# i cant tell if anyone is home



## Valley (Mar 12, 2013)

I know there is a door somewhere


----------



## hammerhead (Apr 26, 2012)

please verify if vegetation is causing damage to the home.


----------



## GTX63 (Apr 12, 2012)

Trim/cut down vines and remove for allowable.


----------



## Contractor Services (Apr 29, 2013)

Please return to property and spray for weed removal. We suggest using a dump helicopter. Trip charge $35.00:thumbsup:


----------



## Zuse (Nov 17, 2012)

Here is one we just did for 3200.00 flat fee,we thought it was going to be vary labor intensive,but it turned out it come off in large pieces,3hrs at best.


----------



## Valley (Mar 12, 2013)

That cleaned up real nice :thumbsup:


----------



## hammerhead (Apr 26, 2012)

sweet.


----------



## cover2 (Apr 3, 2013)

beautiful work


----------



## JDRM (Apr 16, 2012)

Not bad.......


----------



## Craigslist Hack (Jun 14, 2012)

Zuse said:


> Here is one we just did for 3200.00 flat fee,we thought it was going to be vary labor intensive,but it turned out it come off in large pieces,3hrs at best.
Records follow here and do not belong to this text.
(* Let $C\in\mathcal{P}(n,d)$ with $\mathrm{st}(C)=\{j_1<\cdots<j_\ell\}$. Then $\ell\le d\le n-\ell$ and $j_k\ge 2k$ for all $1\le k\le\ell$.
   Context: $\mathcal{P}(n,d)$ is the set of words $C=C_1\cdots C_n$ in letters $\mathbf{e}$ (east step) and $\mathbf{n}$ (north step) with exactly $d$ letters $\mathbf{e}$. Scan positions left to right and mark position $i$ with $C_i=\mathbf{e}$ if the number of $j<i$ with $C_j=\mathbf{n}$ equals the number of $j<i$ with $C_j=\mathbf{e}$ that are unmarked; $\mathrm{st}(C)$ is the set of unmarked positions $i$ with $C_i=\mathbf{e}$. *)

From mathcomp Require Import all_boot.
Set Implicit Arguments. Unset Strict Implicit. Unset Printing Implicit Defensive.

(* A word C in letters e / n is a [seq bool]: [true] = east step e,
   [false] = north step n.  Positions are 1-indexed: C_i = nth false C (i-1). *)
Definition is_e (b : bool) : bool := b.

Definition inP (n d : nat) (C : seq bool) : bool :=
  (size C == n) && (count is_e C == d).

(* Accumulator: (#n seen so far, #unmarked e seen so far). Position i with C_i = e is
   marked iff #{j<i : C_j = n} = #{j<i : C_j = e, j unmarked}. *)
Fixpoint marks_aux (nn ue : nat) (C : seq bool) : seq bool :=
  match C with
  | [::] => [::]
  | c :: C' =>
      if c then
        if nn == ue then true :: marks_aux nn ue C'
        else false :: marks_aux nn ue.+1 C'
      else false :: marks_aux nn.+1 ue C'
  end.

Definition marks (C : seq bool) : seq bool := marks_aux 0 0 C.

Definition marked (C : seq bool) (i : nat) : bool := nth false (marks C) i.-1.

Definition st (C : seq bool) : seq nat :=
  [seq i <- iota 1 (size C) | nth false C i.-1 && ~~ marked C i].

From mathcomp Require Import all_boot.
From mathcomp Require Import zify.

(* The scan keeps the number N of n's and the number U of unmarked e's read
   so far.  An e is left unmarked only when U <> N, and only then does U grow,
   so U <= N throughout.  Hence the letters before the k-th unmarked e include
   k - 1 unmarked e's and at least k n's, which puts it at position >= 2k;
   and at the end l = U <= N = n - d, while trivially l <= d. *)

Fixpoint st_from (nn ue o : nat) (C : seq bool) : seq nat :=
  match C with
  | [::] => [::]
  | c :: C' =>
      if c then
        if nn == ue then st_from nn ue o.+1 C'
        else o :: st_from nn ue.+1 o.+1 C'
      else st_from nn.+1 ue o.+1 C'
  end.

Lemma st_fromE (C : seq bool) (nn ue o : nat) :
  [seq i <- iota o (size C)
     | nth false C (i - o) && ~~ nth false (marks_aux nn ue C) (i - o)]
  = st_from nn ue o C.
Proof.
elim: C nn ue o => [//|c C IHC] nn ue o /=.
rewrite subnn /=.
have shift nn' ue' (b : bool) :
    [seq i <- iota o.+1 (size C)
       | nth false (c :: C) (i - o) && ~~ nth false (b :: marks_aux nn' ue' C) (i - o)]
    = st_from nn' ue' o.+1 C.
  rewrite -IHC; apply: eq_in_filter => i; rewrite mem_iota => /andP [lt_oi _].
  by rewrite -(subnSK lt_oi).
by case: c shift => /= shift; [case: eqP => _ /= |]; rewrite shift.
Qed.

Lemma st_st_from (C : seq bool) : st C = st_from 0 0 1 C.
Proof.
by rewrite /st /marked /marks -st_fromE; apply: eq_filter => i; rewrite subn1.
Qed.

Lemma size_st_from_count (C : seq bool) (nn ue o : nat) :
  size (st_from nn ue o C) <= count is_e C.
Proof.
elim: C nn ue o => [//|[] C IHC] nn ue o /=; last exact: IHC.
by case: eqP => _ /=; [apply: leq_trans (IHC _ _ _) (leq_addl _ _) | rewrite ltnS].
Qed.

Lemma size_st_from_north (C : seq bool) (nn ue o : nat) : ue <= nn ->
  ue + size (st_from nn ue o C) <= nn + count (predC is_e) C.
Proof.
elim: C nn ue o => [|[] C IHC] nn ue o ue_le_nn /=; first by rewrite !addn0.
- case: eqP => [_ | nn_neq_ue] /=; first exact: IHC.
  have := IHC nn ue.+1 o.+1; lia.
- have := IHC nn.+1 ue o.+1 (leqW ue_le_nn); lia.
Qed.

Lemma nth_st_from_lb (C : seq bool) (nn ue o k : nat) :
  ue <= nn -> nn + ue < o -> k < size (st_from nn ue o C) ->
  2 * (ue + k).+1 <= nth 0 (st_from nn ue o C) k.
Proof.
elim: C nn ue o k => [//|[] C IHC] nn ue o k ue_le_nn lt_o /=; last first.
  by apply: IHC; lia.
case: eqP => [_ | nn_neq_ue]; first by apply: IHC; lia.
case: k => [|k] /= lt_k; first by lia.
rewrite addnS -addSn; apply: IHC => //; lia.
Qed.

Theorem lemma4p12 (n d : nat) (C : seq bool) :
  inP n d C ->
  let l := size (st C) in
  [/\ l <= d, d <= n - l &
      forall k, 1 <= k <= l -> 2 * k <= nth 0 (st C) k.-1].
Proof.
move=> /andP [/eqP <- /eqP <-] /=.
rewrite st_st_from.
have count_split : count is_e C + count (predC is_e) C = size C by rewrite count_predC.
have le_e := size_st_from_count C 0 0 1.
have le_n := size_st_from_north C 0 0 1 (leqnn 0).
split; [done | lia |].
move=> k /andP [k_gt0 k_le].
by have := nth_st_from_lb C 0 0 1 k.-1 (leqnn 0) (ltnSn 0) ltac:(lia); rewrite add0n prednK.
Qed.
thats impressive! Give me a call sometime I have a story to tell you.


----------



## Zuse (Nov 17, 2012)

Craigslist Hack said:


> thats impressive! Give me a call sometime I have a story to tell you.


Sure will do.^

This was a WF job, when ever we do WF we go the extra mile.

My competitors went to the same job and bid too,but the never actually tried to rip apiece off of the vines to see how hard it was to remove ,which i did...thus my bid was lower. 

6 guys,3 chainsaw, and 2 push mowers... we mulched it up with the chainsaws so we could get push mowers on it and grind it up even further. Thru it on a 16x6 trailer with 4 ft high sides and dragged it home 90 miles with no tarp and leaves flying out all the way:icon_rolleyes: half of the ivy was gone by the time we made it to the office. 

"Glorious day" i must say,:thumbup: yep you gotta love living in the south.


----------